> [SOURCE MATERIAL]:
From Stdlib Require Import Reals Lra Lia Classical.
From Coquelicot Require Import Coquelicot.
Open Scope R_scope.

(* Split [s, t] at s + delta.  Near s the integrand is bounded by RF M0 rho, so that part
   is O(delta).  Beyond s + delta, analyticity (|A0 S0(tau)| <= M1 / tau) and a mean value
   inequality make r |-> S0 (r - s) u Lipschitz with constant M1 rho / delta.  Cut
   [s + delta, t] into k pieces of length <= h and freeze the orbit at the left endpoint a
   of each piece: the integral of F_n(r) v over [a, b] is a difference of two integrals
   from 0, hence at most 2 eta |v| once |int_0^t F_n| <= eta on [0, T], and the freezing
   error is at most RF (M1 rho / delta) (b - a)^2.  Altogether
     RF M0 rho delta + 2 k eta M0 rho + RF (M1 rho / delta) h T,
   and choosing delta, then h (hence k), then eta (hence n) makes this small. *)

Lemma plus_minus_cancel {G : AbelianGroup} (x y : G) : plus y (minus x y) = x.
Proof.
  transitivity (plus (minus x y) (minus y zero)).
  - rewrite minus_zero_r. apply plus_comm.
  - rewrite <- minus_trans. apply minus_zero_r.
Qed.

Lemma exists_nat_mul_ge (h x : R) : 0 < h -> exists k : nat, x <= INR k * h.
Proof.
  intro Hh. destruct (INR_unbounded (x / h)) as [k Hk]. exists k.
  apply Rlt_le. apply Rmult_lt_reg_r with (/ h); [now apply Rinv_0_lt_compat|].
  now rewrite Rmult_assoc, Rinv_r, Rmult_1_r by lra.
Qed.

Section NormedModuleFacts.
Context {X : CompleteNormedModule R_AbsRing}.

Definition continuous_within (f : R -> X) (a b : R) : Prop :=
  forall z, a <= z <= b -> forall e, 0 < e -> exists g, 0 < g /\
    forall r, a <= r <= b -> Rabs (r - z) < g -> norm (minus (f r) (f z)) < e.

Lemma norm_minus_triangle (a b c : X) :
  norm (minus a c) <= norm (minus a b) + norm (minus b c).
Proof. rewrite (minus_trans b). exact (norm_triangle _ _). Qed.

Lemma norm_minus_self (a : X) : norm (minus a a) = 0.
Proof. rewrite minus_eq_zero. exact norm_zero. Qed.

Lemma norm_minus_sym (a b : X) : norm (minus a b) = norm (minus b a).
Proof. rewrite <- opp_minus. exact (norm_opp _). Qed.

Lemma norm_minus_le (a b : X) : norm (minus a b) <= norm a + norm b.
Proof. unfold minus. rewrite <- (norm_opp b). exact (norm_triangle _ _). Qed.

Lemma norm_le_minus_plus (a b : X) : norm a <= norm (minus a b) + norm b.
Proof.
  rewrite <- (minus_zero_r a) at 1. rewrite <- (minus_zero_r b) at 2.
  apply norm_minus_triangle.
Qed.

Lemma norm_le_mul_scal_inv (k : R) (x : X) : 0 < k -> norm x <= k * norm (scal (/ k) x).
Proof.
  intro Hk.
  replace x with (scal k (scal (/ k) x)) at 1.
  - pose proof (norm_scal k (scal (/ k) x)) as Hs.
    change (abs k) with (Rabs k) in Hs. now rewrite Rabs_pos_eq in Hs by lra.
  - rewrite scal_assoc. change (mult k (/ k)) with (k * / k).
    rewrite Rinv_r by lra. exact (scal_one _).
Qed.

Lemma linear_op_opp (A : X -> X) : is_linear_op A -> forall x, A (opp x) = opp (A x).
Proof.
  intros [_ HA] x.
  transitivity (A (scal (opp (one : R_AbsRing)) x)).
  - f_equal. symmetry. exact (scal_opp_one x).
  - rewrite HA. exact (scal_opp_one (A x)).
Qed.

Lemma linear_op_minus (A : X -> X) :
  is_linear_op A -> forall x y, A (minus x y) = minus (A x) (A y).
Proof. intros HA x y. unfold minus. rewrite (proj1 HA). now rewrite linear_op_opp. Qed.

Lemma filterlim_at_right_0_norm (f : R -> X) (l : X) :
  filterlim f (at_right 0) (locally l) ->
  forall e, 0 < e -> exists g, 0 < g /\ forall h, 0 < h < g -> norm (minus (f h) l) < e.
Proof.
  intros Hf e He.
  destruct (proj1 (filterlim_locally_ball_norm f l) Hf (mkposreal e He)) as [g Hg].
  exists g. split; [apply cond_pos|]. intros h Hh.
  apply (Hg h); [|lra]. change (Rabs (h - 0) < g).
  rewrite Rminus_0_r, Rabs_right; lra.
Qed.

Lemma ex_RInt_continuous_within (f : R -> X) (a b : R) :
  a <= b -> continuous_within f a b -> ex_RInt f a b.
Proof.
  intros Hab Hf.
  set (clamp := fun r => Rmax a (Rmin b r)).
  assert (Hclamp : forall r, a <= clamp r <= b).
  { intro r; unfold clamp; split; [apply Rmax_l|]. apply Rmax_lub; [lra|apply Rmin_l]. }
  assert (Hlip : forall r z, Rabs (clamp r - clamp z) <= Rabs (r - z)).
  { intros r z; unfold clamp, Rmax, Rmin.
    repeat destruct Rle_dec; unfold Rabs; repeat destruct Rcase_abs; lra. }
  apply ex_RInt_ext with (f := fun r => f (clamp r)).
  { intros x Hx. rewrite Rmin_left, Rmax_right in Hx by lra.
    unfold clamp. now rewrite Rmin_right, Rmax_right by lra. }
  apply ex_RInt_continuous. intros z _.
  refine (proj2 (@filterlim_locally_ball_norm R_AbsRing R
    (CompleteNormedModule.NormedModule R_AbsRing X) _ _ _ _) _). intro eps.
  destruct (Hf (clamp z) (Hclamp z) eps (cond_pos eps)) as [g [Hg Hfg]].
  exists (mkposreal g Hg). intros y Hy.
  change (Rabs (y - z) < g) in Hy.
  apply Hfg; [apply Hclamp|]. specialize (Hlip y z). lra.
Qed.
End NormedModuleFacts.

> [ASSIGNED TASK]:
From the records above, copy only the lines starting with the line that holds "Definition continuous_within (f" and going on through the line that holds "Lemma norm_minus_triangle (a", exactly as written.

> [TASK ANSWER]:
Definition continuous_within (f : R -> X) (a b : R) : Prop :=
  forall z, a <= z <= b -> forall e, 0 < e -> exists g, 0 < g /\
    forall r, a <= r <= b -> Rabs (r - z) < g -> norm (minus (f r) (f z)) < e.

Lemma norm_minus_triangle (a b c : X) :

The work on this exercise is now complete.